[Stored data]

========================

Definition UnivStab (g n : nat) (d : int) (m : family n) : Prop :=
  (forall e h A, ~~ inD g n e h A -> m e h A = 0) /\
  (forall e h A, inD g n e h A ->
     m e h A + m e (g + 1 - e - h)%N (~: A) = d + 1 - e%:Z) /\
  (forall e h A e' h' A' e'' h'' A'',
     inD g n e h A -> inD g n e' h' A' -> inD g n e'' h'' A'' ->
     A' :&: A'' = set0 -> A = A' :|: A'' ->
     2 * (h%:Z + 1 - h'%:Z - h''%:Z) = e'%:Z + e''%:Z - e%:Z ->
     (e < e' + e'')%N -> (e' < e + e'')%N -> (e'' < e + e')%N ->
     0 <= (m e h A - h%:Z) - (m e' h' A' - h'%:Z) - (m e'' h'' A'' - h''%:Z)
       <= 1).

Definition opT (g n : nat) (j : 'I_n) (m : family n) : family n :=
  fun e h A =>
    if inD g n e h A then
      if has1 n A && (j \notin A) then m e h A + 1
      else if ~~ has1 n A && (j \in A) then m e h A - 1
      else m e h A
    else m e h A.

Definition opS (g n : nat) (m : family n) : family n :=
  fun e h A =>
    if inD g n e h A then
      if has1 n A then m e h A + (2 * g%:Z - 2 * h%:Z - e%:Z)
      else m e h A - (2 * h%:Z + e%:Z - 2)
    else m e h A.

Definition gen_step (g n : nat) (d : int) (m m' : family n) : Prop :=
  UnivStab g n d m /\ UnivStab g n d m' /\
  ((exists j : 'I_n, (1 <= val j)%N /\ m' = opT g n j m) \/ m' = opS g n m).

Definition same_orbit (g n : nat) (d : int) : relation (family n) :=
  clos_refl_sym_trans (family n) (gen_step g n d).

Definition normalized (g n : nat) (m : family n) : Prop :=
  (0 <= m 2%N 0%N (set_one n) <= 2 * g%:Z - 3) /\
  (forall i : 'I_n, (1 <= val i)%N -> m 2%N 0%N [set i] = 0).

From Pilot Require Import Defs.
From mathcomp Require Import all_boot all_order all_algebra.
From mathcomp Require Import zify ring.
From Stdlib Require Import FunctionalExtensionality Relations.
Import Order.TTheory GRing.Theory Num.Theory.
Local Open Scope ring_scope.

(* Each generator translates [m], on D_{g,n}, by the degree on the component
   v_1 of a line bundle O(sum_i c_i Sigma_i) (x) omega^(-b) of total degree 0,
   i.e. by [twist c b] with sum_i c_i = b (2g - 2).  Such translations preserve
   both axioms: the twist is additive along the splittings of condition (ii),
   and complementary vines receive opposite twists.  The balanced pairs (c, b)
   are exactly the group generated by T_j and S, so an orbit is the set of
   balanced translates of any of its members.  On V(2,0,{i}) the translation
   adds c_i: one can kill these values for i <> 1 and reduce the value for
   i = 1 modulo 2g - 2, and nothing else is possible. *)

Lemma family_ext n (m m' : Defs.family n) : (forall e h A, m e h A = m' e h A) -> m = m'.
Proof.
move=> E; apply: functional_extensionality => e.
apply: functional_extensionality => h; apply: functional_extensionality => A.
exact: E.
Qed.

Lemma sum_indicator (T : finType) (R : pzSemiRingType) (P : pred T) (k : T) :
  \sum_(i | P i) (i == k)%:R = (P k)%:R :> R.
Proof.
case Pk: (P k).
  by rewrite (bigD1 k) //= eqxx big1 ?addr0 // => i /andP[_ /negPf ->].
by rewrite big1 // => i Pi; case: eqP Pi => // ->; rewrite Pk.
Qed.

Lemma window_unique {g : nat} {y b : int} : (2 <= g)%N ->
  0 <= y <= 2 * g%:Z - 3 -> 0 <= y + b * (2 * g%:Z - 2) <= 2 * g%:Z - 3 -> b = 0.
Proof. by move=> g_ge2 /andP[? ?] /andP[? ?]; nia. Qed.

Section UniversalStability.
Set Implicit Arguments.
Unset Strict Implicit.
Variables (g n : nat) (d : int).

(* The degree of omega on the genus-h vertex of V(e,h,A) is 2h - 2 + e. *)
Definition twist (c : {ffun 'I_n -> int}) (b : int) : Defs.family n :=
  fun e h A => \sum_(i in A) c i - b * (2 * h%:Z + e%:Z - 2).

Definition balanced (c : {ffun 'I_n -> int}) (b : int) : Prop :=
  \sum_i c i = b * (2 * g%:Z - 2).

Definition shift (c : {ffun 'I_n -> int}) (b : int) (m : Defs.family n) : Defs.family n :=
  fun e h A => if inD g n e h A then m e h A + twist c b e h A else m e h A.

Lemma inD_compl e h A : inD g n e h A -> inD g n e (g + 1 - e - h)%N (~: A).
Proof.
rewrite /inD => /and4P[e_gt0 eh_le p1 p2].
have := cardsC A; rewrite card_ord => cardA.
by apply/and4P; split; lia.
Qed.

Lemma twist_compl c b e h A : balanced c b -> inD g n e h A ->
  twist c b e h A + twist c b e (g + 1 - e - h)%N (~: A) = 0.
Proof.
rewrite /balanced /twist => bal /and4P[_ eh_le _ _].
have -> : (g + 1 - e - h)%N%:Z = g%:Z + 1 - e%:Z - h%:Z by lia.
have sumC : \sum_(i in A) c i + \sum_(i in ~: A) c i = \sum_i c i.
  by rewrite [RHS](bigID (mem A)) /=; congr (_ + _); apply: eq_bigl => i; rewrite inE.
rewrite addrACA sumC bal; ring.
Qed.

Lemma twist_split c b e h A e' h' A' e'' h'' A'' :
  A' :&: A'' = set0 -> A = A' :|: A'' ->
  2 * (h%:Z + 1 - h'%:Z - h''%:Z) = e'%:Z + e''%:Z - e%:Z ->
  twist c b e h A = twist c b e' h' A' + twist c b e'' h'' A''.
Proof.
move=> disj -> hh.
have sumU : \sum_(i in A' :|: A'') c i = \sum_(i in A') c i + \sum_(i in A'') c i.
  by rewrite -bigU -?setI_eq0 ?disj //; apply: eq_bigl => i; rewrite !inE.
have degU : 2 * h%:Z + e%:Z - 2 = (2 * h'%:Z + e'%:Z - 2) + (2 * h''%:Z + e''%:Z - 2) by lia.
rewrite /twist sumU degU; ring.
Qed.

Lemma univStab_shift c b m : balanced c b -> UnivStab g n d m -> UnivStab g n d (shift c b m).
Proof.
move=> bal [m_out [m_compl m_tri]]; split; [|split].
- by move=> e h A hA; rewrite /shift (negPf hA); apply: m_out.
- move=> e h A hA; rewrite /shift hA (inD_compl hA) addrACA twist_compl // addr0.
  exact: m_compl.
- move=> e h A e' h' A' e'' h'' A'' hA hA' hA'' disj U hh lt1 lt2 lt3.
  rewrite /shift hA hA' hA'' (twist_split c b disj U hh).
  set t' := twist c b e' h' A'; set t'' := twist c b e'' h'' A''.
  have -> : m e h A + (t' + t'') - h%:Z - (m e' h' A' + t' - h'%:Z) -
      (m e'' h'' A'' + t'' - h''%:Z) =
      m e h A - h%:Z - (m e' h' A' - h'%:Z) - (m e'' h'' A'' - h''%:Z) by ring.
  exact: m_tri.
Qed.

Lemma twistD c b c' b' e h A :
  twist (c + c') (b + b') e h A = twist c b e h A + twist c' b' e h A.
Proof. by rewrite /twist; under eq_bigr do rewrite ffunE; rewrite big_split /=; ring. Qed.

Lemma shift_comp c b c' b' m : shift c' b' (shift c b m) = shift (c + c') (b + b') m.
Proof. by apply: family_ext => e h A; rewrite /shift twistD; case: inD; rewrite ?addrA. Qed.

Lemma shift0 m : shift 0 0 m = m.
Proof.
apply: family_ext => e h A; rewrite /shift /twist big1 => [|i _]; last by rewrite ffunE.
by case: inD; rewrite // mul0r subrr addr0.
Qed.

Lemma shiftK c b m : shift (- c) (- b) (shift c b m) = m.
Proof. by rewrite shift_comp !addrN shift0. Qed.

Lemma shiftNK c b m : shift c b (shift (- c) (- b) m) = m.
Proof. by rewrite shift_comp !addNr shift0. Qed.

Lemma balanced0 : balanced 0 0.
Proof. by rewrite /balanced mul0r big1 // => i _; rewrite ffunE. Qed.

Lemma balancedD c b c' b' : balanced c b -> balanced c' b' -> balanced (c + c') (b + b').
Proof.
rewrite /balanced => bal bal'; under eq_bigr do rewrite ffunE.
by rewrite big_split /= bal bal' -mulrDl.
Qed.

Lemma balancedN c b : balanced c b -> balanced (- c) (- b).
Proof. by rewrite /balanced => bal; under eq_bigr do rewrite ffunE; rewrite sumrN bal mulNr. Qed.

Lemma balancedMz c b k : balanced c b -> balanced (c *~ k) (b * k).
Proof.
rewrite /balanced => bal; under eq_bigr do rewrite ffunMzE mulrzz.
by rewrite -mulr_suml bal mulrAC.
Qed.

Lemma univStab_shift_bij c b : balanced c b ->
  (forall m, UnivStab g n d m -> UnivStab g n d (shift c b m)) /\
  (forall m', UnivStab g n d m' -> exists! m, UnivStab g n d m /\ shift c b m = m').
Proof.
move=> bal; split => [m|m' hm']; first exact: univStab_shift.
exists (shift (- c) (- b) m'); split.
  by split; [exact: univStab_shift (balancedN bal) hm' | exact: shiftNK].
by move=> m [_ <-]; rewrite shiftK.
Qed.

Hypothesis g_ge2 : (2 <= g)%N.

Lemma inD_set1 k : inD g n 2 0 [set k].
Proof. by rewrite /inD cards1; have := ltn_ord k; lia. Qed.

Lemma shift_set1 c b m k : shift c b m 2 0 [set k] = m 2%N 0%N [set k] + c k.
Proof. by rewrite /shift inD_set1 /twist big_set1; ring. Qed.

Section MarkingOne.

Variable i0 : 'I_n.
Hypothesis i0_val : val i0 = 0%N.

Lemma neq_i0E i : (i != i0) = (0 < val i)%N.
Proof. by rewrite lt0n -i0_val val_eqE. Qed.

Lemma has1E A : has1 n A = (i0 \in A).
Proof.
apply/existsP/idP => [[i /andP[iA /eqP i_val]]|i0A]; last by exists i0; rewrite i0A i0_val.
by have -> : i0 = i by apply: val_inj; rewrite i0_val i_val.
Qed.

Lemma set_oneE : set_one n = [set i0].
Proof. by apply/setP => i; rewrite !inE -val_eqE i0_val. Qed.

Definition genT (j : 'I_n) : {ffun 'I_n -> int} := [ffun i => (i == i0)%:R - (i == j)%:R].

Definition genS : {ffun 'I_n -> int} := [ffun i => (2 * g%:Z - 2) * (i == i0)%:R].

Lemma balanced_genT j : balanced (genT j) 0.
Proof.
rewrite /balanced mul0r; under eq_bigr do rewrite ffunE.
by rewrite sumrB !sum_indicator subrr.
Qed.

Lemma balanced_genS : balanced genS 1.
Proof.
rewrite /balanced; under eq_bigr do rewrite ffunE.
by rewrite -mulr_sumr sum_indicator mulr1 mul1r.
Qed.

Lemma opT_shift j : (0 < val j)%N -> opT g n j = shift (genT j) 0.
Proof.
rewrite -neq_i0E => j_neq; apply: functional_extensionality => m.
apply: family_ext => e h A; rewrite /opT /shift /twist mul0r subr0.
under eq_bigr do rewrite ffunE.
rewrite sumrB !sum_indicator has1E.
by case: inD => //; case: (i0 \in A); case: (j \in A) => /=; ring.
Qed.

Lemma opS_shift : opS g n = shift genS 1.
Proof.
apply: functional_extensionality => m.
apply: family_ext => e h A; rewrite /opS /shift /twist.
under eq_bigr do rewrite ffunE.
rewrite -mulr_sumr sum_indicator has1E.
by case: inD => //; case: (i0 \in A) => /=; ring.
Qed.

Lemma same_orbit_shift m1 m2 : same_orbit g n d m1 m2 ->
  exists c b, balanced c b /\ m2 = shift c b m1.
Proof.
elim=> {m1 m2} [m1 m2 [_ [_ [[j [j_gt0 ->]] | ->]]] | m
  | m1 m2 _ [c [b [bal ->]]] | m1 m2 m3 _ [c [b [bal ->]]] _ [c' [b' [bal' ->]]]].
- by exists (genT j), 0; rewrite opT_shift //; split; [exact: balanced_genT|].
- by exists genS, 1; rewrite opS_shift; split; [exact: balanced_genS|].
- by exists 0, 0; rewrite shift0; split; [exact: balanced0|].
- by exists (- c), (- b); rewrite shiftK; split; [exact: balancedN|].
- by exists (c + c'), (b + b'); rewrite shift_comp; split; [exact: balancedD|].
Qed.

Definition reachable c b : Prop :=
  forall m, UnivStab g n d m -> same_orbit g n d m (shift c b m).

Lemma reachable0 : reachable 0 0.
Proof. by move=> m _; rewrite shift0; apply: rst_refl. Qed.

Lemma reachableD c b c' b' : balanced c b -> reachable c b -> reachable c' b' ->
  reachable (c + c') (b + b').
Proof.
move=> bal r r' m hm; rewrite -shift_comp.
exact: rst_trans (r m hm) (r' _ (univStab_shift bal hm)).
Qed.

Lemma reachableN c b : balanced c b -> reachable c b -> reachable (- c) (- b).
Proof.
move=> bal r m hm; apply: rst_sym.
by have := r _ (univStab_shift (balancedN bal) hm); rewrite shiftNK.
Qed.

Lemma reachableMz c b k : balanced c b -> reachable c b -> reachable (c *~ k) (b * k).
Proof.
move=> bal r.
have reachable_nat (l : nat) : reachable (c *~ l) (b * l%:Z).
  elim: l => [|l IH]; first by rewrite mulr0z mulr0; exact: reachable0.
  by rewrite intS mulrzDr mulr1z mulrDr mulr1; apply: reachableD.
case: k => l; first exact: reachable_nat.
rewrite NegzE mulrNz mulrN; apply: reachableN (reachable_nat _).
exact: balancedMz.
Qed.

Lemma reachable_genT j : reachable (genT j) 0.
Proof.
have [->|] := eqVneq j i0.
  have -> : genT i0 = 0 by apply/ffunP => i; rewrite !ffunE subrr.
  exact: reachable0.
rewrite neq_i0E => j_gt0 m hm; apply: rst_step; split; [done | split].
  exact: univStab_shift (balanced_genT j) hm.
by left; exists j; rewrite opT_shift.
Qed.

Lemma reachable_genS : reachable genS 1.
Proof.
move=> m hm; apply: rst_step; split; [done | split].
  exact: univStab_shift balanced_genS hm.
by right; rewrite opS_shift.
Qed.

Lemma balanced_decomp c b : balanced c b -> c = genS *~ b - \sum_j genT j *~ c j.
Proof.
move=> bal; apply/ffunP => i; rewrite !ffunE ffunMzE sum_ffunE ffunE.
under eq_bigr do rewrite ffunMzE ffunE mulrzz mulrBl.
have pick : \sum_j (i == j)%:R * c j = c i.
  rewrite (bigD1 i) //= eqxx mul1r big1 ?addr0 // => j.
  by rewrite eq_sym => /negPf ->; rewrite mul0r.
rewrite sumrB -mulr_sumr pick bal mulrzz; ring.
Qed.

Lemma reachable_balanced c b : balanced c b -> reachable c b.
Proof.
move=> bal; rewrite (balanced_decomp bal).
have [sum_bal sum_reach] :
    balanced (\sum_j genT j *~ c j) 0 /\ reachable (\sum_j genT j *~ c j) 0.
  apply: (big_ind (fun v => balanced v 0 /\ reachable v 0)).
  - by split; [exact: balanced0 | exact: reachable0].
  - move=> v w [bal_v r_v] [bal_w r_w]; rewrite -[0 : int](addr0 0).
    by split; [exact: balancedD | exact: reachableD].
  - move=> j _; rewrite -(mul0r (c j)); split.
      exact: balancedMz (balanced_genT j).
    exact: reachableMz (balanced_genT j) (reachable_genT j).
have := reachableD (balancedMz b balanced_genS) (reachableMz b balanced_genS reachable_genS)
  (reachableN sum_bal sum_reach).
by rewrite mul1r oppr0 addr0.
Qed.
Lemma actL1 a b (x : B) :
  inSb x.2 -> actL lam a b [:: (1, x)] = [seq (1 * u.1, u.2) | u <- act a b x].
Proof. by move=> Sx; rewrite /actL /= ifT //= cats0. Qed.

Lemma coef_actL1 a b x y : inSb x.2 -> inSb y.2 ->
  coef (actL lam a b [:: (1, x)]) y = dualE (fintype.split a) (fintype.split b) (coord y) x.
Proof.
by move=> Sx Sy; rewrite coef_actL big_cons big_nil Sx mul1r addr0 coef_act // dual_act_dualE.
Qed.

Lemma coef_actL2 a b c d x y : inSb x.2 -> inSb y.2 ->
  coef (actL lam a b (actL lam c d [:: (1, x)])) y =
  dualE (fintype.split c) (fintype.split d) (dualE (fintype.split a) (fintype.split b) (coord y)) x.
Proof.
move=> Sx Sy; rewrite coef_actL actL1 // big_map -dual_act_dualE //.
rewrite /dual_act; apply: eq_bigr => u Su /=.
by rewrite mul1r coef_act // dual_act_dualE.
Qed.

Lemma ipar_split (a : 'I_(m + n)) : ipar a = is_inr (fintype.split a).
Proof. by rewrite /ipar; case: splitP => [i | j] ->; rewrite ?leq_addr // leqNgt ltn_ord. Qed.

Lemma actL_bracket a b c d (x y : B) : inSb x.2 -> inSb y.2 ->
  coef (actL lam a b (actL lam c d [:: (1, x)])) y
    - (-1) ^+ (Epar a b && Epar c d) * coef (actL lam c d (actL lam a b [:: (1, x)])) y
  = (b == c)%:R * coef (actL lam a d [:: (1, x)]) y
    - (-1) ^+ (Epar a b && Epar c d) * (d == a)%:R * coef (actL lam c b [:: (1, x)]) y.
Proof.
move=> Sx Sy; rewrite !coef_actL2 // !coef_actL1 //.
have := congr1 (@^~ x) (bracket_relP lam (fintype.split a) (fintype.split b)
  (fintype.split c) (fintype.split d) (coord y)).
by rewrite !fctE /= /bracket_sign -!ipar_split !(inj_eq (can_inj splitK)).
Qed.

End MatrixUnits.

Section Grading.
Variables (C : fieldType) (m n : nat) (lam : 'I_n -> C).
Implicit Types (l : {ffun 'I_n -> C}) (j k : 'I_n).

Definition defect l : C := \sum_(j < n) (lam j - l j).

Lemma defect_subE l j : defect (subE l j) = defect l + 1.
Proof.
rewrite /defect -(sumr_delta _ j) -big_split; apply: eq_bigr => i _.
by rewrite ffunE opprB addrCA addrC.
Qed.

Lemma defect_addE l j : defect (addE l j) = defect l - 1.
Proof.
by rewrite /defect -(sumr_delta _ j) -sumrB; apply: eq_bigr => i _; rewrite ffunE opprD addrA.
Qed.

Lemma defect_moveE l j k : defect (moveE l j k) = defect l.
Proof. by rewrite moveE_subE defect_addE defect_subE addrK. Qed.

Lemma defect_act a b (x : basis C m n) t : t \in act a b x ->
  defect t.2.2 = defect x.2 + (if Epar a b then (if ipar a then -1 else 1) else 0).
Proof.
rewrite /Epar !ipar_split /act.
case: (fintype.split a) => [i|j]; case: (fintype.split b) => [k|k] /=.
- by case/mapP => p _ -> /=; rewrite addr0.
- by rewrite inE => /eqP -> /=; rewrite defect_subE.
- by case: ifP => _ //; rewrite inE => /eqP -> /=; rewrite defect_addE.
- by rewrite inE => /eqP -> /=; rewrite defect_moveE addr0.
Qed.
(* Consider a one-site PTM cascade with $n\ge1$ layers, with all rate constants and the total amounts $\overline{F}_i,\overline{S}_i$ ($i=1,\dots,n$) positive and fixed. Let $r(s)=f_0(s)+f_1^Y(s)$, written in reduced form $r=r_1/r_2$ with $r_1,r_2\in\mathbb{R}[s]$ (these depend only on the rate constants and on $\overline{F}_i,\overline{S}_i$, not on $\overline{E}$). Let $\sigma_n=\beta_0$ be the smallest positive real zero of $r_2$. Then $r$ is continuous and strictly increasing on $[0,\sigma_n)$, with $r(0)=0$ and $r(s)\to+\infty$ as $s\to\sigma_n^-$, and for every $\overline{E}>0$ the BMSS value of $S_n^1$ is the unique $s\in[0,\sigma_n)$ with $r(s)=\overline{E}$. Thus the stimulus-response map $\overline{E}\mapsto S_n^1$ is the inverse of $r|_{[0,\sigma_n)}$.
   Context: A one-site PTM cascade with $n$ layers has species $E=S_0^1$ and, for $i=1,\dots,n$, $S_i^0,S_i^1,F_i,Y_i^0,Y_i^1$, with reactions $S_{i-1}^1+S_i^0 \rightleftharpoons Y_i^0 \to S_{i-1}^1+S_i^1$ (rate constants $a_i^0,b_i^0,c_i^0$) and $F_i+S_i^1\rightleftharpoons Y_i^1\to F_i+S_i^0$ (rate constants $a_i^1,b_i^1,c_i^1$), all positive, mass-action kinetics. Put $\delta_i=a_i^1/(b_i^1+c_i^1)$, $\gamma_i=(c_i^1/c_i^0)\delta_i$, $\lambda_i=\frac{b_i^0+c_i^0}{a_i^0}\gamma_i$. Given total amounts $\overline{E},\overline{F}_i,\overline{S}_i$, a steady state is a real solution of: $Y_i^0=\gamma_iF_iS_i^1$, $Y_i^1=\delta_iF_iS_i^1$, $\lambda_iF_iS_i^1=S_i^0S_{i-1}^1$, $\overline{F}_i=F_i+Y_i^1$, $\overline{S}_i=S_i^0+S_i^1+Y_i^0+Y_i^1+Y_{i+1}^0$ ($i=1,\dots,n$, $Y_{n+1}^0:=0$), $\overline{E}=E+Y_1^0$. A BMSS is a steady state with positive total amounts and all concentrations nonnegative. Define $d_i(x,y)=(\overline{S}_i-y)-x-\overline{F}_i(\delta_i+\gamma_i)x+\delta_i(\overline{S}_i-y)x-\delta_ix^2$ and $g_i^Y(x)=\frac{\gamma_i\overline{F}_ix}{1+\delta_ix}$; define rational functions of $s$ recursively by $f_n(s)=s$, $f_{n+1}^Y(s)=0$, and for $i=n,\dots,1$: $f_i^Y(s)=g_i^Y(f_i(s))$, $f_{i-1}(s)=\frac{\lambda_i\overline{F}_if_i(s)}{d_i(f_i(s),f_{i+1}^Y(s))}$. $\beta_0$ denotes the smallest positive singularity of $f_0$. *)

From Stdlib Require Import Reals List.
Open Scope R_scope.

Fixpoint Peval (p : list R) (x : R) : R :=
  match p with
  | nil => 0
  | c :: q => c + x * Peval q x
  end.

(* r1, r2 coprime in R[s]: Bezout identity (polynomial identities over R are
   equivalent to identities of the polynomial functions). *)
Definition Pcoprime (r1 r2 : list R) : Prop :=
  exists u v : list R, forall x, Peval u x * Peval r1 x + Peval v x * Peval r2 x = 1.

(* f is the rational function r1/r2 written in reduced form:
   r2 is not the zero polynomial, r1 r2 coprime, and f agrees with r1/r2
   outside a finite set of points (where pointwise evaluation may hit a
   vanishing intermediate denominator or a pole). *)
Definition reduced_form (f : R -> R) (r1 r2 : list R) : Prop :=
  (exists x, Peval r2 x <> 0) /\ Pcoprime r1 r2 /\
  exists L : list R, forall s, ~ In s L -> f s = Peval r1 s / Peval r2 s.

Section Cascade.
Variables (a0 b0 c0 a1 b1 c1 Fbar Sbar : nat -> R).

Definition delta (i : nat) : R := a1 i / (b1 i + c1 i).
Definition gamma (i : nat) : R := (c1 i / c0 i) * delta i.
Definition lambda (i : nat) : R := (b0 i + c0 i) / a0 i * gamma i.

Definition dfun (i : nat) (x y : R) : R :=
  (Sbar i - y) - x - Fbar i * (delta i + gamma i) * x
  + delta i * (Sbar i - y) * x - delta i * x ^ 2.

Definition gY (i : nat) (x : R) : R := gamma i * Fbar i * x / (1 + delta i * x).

========================

> What is expected: From the records above, retype only the lines starting at the line that contains "Open Scope R_scope." and ending at the line that contains "Definition Pcoprime (r1", both included.

> Response to this exercise:
Open Scope R_scope.

Fixpoint Peval (p : list R) (x : R) : R :=
  match p with
  | nil => 0
  | c :: q => c + x * Peval q x
  end.

(* r1, r2 coprime in R[s]: Bezout identity (polynomial identities over R are
   equivalent to identities of the polynomial functions). *)
Definition Pcoprime (r1 r2 : list R) : Prop :=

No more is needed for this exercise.